Tag: mental-health

  • Let “No” Stand Alone

    Image from Pexels

    This is my reflection on boundaries and discomfort.

    There is something daunting about saying “no.” I am not referring to the anxiety that is already building or the bruxism I have had since my teens. I mean the blooming feeling that’s almost impossible to sit with. The budding fear.

    Saying “no” brings me more than just anxiety. It brings curiosity. It brings the urge to over-explain, even if I am not being questioned. To hand out a neatly prepared excuse so no one will think I’m mean or selfish or difficult. It brings the generous reflex to make myself small so someone else can remain comfortable.

    Saying “no” feels like slamming a door.

    I’ve spent years accepting that my boundaries will always require justification. That saying “no” needed to be cushioned with apologies. Somewhere along the way, I learned that being agreeable felt safer than being honest. That my esteem came from how accessible I was.

    But saying “no” is not rude. It is not defiant. It is not a rebellion against kindness.

    Saying “no” is information.

    “No” is dignity.

    “No” is choosing not to defy myself for the sake of being liked by others.

    The unsettling feeling doesn’t mean I did something wrong; it means I am doing something right. It means I am resisting old patterns that taught me love was conditional and approval was something I needed to chase.

    I am learning that “no” does not need a reason. I am learning that setting boundaries is scary, but not scarier than the resentment of always saying “yes.” I am learning that every time I ache for a quiet “no,” I feel the relief of a more honest “yes.”

    And maybe the most alleviating thing I can do is let “no” stand alone.

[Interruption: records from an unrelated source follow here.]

(* (ZFC.) Let $F\subseteq\mathsf{Agg}^{\sigma}$ be a set with $|F|\le\mathfrak{c}$. Then the $\sigma$-clone generated by $F$ has cardinality at most $\mathfrak{c}$.
   Context: $\mathfrak{c}=2^{\aleph_0}$; the axiom of choice is assumed. $\omega$ is the first infinite ordinal. For an arity $\alpha$ with $0<\alpha\le\omega$ (a positive integer $n=\{0,\dots,n-1\}$ or $\omega$), an $\alpha$-ary aggregation function is a function $f\colon[0,1]^{\alpha}\to[0,1]$ nondecreasing in each coordinate with $f$ equal to $0$ at the all-zero vector and $1$ at the all-one vector. $\mathsf{Agg}$ is the set of aggregation functions of finite arity, $\mathsf{Agg}^{\omega}$ the set of those of arity $\omega$, and $\mathsf{Agg}^{\sigma}=\mathsf{Agg}\cup\mathsf{Agg}^{\omega}$. For an $\alpha$-ary $f$ and $\beta$-ary functions $g_i$, $i<\alpha$ ($0<\alpha,\beta\le\omega$), the composition $f\circ(g_i:i<\alpha)$ is the $\beta$-ary function $\mathbf{x}\mapsto f((g_i(\mathbf{x}))_{i<\alpha})$. A $\sigma$-clone is a set of functions on $[0,1]$ of arities $\alpha$ with $0<\alpha\le\omega$ that contains all projections $p^{\alpha}_i((x_j)_{j<\alpha})=x_i$ ($i<\alpha$) and is closed under such compositions; the $\sigma$-clone generated by $F$ is the smallest $\sigma$-clone containing $F$. *)

From Stdlib Require Import Reals.
Open Scope R_scope.

Definition I01 : Type := {x : R | 0 <= x <= 1}.
Definition I01_val (x : I01) : R := proj1_sig x.

Definition zero01 : I01 := exist _ 0 (conj (Rle_refl 0) Rle_0_1).
Definition one01 : I01 := exist _ 1 (conj Rle_0_1 (Rle_refl 1)).

Inductive arity : Type := AFin (n : nat) | AOmega.

Definition valid_arity (a : arity) : Prop :=
  match a with AFin n => (0 < n)%nat | AOmega => True end.

Definition idx (a : arity) : Type :=
  match a with AFin n => {i : nat | (i < n)%nat} | AOmega => nat end.


Definition op : Type := {a : arity & (idx a -> I01) -> I01}.

Definition coord_nondecreasing (a : arity) (f : (idx a -> I01) -> I01) : Prop :=
  forall (x y : idx a -> I01) (i : idx a),
    (forall j, j <> i -> x j = y j) ->
    I01_val (x i) <= I01_val (y i) ->
    I01_val (f x) <= I01_val (f y).

Definition is_agg (a : arity) (f : (idx a -> I01) -> I01) : Prop :=
  valid_arity a /\ coord_nondecreasing a f /\
  f (fun _ => zero01) = zero01 /\ f (fun _ => one01) = one01.

Definition Agg_sigma (o : op) : Prop := is_agg (projT1 o) (projT2 o).

Definition sigma_clone (C : op -> Prop) : Prop :=
  (forall o, C o -> valid_arity (projT1 o)) /\
  (forall (a : arity), valid_arity a -> forall i : idx a,
      C (existT _ a (fun x => x i))) /\
  (forall (a b : arity) (f : (idx a -> I01) -> I01)
          (g : idx a -> (idx b -> I01) -> I01),
      C (existT _ a f) -> (forall i, C (existT _ b (g i))) ->
      C (existT (fun c => (idx c -> I01) -> I01) b (fun x => f (fun i => g i x)))).

Definition generated_sigma_clone (F : op -> Prop) (o : op) : Prop :=
  forall C, sigma_clone C -> (forall p, F p -> C p) -> C o.

(* |X| <= c = 2^aleph_0, with the continuum represented by nat -> bool *)
Definition card_le_continuum {T : Type} (X : T -> Prop) : Prop :=
  exists h : {x : T | X x} -> (nat -> bool), forall u v, h u = h v -> u = v.

(** Every member of the generated σ-clone is the value of a well-founded term
    whose inner nodes are labelled by elements of F and whose leaves are
    variables; the branching is countable.  Such a term is determined by the
    function sending each path (a finite sequence of naturals) to the symbol
    found there, i.e. by a function from a countable set into a set of size
    at most c, and there are at most c^ℵ0 = c of those. *)

From Stdlib Require Import PeanoNat FunctionalExtensionality ProofIrrelevance ClassicalEpsilon.
From mathcomp Require Import choice.

Definition le_continuum (T : Type) : Prop :=
  exists h : T -> nat -> bool, forall u v, h u = h v -> u = v.

Lemma le_continuum_countable_exp (K : countType) {T : Type} (h : T -> K -> bool) :
  (forall u v, h u = h v -> u = v) -> le_continuum T.
Proof.
  intros h_inj.
  exists (fun u n => match unpickle n with Some k => h u k | None => false end).
  intros u v E; apply h_inj; extensionality k.
  pose proof (equal_f E (pickle k)) as Ek; simpl in Ek.
  rewrite pickleK in Ek; exact Ek.
Qed.

Lemma le_continuum_inj {T U : Type} (f : T -> U) :
  (forall u v, f u = f v -> u = v) -> le_continuum U -> le_continuum T.
Proof.
  intros f_inj [h h_inj].
  exists (fun u => h (f u)); auto.
Qed.

Lemma le_continuum_nat : le_continuum nat.
Proof.
  exists Nat.eqb; intros m n E.
  apply Nat.eqb_eq; rewrite E; apply Nat.eqb_refl.
Qed.

Lemma le_continuum_option {T : Type} : le_continuum T -> le_continuum (option T).
Proof.
  intros [h h_inj].
  apply (le_continuum_countable_exp (option nat)
           (fun (u : option T) (k : option nat) =>
              match u, k with
              | None, _ => match k with None => true | Some _ => false end
              | Some x, None => false
              | Some x, Some n => h x n
              end)).
  intros [x|] [y|] E; pose proof (equal_f E None) as E0; try discriminate E0; auto.
  f_equal; apply h_inj; extensionality n; exact (equal_f E (Some n)).
Qed.

Lemma le_continuum_sum {T U : Type} :
  le_continuum T -> le_continuum U -> le_continuum (T + U).
Proof.
  intros [hT hT_inj] [hU hU_inj].
  apply (le_continuum_countable_exp (option nat)
           (fun (u : T + U) (k : option nat) =>
              match u, k with
              | inl _, None => false
              | inr _, None => true
              | inl x, Some n => hT x n
              | inr y, Some n => hU y n
              end)).
  intros [x|y] [x'|y'] E; pose proof (equal_f E None) as E0; try discriminate E0;
    f_equal; [apply hT_inj | apply hU_inj]; extensionality n; exact (equal_f E (Some n)).
Qed.

Lemma le_continuum_fun (J : countType) {T : Type} :
  le_continuum T -> le_continuum (J -> T).
Proof.
  intros [h h_inj].
  apply (le_continuum_countable_exp (J * nat)%type
           (fun (g : J -> T) (jn : J * nat) => h (g (fst jn)) (snd jn))).
  intros g g' E; extensionality j; apply h_inj; extensionality n.
  exact (equal_f E (j, n)).
Qed.

Lemma le_continuum_sigT {A : Type} {T : A -> Type} :
  le_continuum A -> (forall a, le_continuum (T a)) -> le_continuum {a : A & T a}.
Proof.
  intros [hA hA_inj] HT.
  pose (hT a := proj1_sig (constructive_indefinite_description _ (HT a))).
  assert (hT_inj : forall a u v, hT a u = hT a v -> u = v)
    by (intro a; exact (proj2_sig (constructive_indefinite_description _ (HT a)))).
  apply (le_continuum_countable_exp (bool * nat)%type
           (fun (s : {a : A & T a}) (bn : bool * nat) =>
              if fst bn then hA (projT1 s) (snd bn) else hT _ (projT2 s) (snd bn))).
  intros [a t] [a' t'] E; simpl in E.
  assert (a = a') as <-.
  { apply hA_inj; extensionality n; exact (equal_f E (true, n)). }
  f_equal; apply (hT_inj a); extensionality n; exact (equal_f E (false, n)).
Qed.

Definition nat_of_arity (a : arity) : option nat :=
  match a with AFin n => Some n | AOmega => None end.

Lemma le_continuum_arity : le_continuum arity.
Proof.
  apply (le_continuum_inj nat_of_arity); [|exact (le_continuum_option le_continuum_nat)].
  intros [m|] [n|]; simpl; congruence.
Qed.

Definition nat_of_idx (a : arity) : idx a -> nat :=
  match a return idx a -> nat with
  | AFin n => fun i => proj1_sig i
  | AOmega => fun i => i
  end.

Definition idx_of_nat (a : arity) (n : nat) : option (idx a) :=
  match a return option (idx a) with
  | AFin m => match Compare_dec.lt_dec n m with
              | left lt_n_m => Some (exist _ n lt_n_m)
              | right _ => None
              end
  | AOmega => Some n
  end.

Lemma nat_of_idxK (a : arity) (i : idx a) : idx_of_nat a (nat_of_idx a i) = Some i.
Proof.
  destruct a as [m|]; simpl; [|reflexivity].
  destruct i as [n lt_n_m]; simpl.
  destruct (Compare_dec.lt_dec n m) as [lt_n_m'|]; [|contradiction].
  do 2 f_equal; apply proof_irrelevance.
Qed.

Lemma le_continuum_idx (a : arity) : le_continuum (idx a).
Proof.
  apply (le_continuum_inj (nat_of_idx a)); [|exact le_continuum_nat].
  intros i j E; apply (f_equal (idx_of_nat a)) in E.
  rewrite !nat_of_idxK in E; congruence.
Qed.

Section Terms.

Variable F : op -> Prop.
Local Open Scope list_scope.

Inductive term (b : arity) : Type :=
| Var : idx b -> term b
| App : forall p : {o : op | F o}, (idx (projT1 (proj1_sig p)) -> term b) -> term b.
Arguments Var {b}.
Arguments App {b}.

Fixpoint eval_term {b} (t : term b) : (idx b -> I01) -> I01 :=
  match t with
  | Var i => fun x => x i
  | App p args => fun x => projT2 (proj1_sig p) (fun j => eval_term (args j) x)
  end.

Fixpoint subst_term {a b} (t : term a) (s : idx a -> term b) : term b :=
  match t with
  | Var i => s i
  | App p args => App p (fun j => subst_term (args j) s)
  end.

Lemma eval_subst_term a b (t : term a) (s : idx a -> term b) (x : idx b -> I01) :
  eval_term (subst_term t s) x = eval_term t (fun i => eval_term (s i) x).
Proof.
  induction t as [i | p args IH]; simpl; [reflexivity|].
  f_equal; extensionality j; apply IH.
Qed.

Definition term_op (o : op) : Prop :=
  valid_arity (projT1 o) /\ exists t : term (projT1 o), eval_term t = projT2 o.

Lemma sigma_clone_term_op : sigma_clone term_op.
Proof.
  split; [|split].
  - intros o [valid_o _]; exact valid_o.
  - intros a valid_a i; split; [exact valid_a|].
    exists (Var i); reflexivity.
  - intros a b f g [valid_a [t eval_t]] Hg; simpl in *.
    assert (s : forall i, {s : term b | eval_term s = g i})
      by (intro i; apply constructive_indefinite_description, Hg).
    split.
    + destruct a as [n|]; [exact (proj1 (Hg (exist _ 0 valid_a))) | exact (proj1 (Hg 0))].
    + exists (subst_term t (fun i => proj1_sig (s i))).
      extensionality x; simpl; rewrite eval_subst_term, <- eval_t.
      f_equal; extensionality i; rewrite (proj2_sig (s i)); reflexivity.
Qed.

Lemma generated_sigma_clone_term_op :
  (forall o, F o -> valid_arity (projT1 o)) ->
  forall o, generated_sigma_clone F o -> term_op o.
Proof.
  intros F_valid o Ho; apply Ho; [exact sigma_clone_term_op|].
  intros [a f] Fo; split; [exact (F_valid _ Fo)|].
  exists (App (exist _ (existT _ a f) Fo) Var); reflexivity.
Qed.

Definition symbol (b : arity) : Type := (idx b + {o : op | F o})%type.

Definition head_symbol {b} (t : term b) : symbol b :=
  match t with Var i => inl i | App p _ => inr p end.

Fixpoint symbol_at {b} (t : term b) (path : list nat) : option (symbol b) :=
  match t, path with
  | _, nil => Some (head_symbol t)
  | Var _, _ :: _ => None
  | App p args, n :: path' =>
      match idx_of_nat _ n with
      | Some j => symbol_at (args j) path'
      | None => None
      end
  end.

Lemma symbol_at_inj b (t1 t2 : term b) : symbol_at t1 = symbol_at t2 -> t1 = t2.
Proof.
  revert t2; induction t1 as [i | p args IH]; intros [i' | q args'] E;
    pose proof (equal_f E nil) as E0; simpl in E0; try discriminate E0.
  - congruence.
  - assert (p = q) as <- by congruence.
    f_equal; extensionality j; apply IH; extensionality path.
    pose proof (equal_f E (nat_of_idx _ j :: path)) as Ej; simpl in Ej.
    rewrite nat_of_idxK in Ej; exact Ej.
Qed.

Lemma le_continuum_term b : le_continuum {o : op | F o} -> le_continuum (term b).
Proof.
  intros F_le_c.
  apply (le_continuum_inj symbol_at); [exact (symbol_at_inj b)|].
  apply (le_continuum_fun (list nat)), le_continuum_option, le_continuum_sum;
    [exact (le_continuum_idx b) | exact F_le_c].
Qed.

End Terms.

Arguments eval_term {F b}.

Theorem theorem2 (F : op -> Prop) :
  (forall f, F f -> Agg_sigma f) ->
  card_le_continuum F ->
  card_le_continuum (generated_sigma_clone F).
Proof.
  intros F_agg F_le_c.
  assert (F_valid : forall o, F o -> valid_arity (projT1 o))
    by (intros o Fo; exact (proj1 (F_agg o Fo))).
  assert (denoting_term : forall u : {o | generated_sigma_clone F o},
            {t : term F (projT1 (proj1_sig u)) | eval_term t = projT2 (proj1_sig u)}).
  { intros [o Ho]; apply constructive_indefinite_description.
    exact (proj2 (generated_sigma_clone_term_op F F_valid o Ho)). }
  pose (code u := existT (term F) _ (proj1_sig (denoting_term u))).
  assert (codeK : forall u, existT _ (projT1 (code u)) (eval_term (projT2 (code u)))
                            = proj1_sig u).
  { intros u; unfold code; simpl; rewrite (proj2_sig (denoting_term u)).
    destruct u as [[a f] Ho]; reflexivity. }
  apply (le_continuum_inj code).
  - intros u v E.
    assert (proj1_sig u = proj1_sig v) as Euv by (rewrite <- codeK, <- (codeK v), E; reflexivity).
    destruct u, v; apply subset_eq_compat; exact Euv.
  - apply le_continuum_sigT; [exact le_continuum_arity|].
    intro b; exact (le_continuum_term F b F_le_c).
Qed.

  • Pop Culture Messed With My Sense of Self

    Image from iStock

    I am sincerely learning how to really show up for myself. It’s not by cramping yourself into areas you don’t fit into, but by generously giving yourself love when you cage yourself in.

    I have a suitcase full of fears today. More than I ever had as a child. This bag of fears sneaks up on me.

    Still, I initiated extensive self-help. This work hasn’t made me confident.

    Social media has made me insecure.

    I am guarded, but I am not careful with details. I try to stand without being finicky, tell drawn-out stories, and teach 8th graders explanations to questions I am still interpreting. Still, I am terribly afraid of driving and making the first move. The tough part of living in this age is constantly making access to your true self bulletproof, whether it is the strategic “no filter” filter or proofreading and second guessing the caption too many times.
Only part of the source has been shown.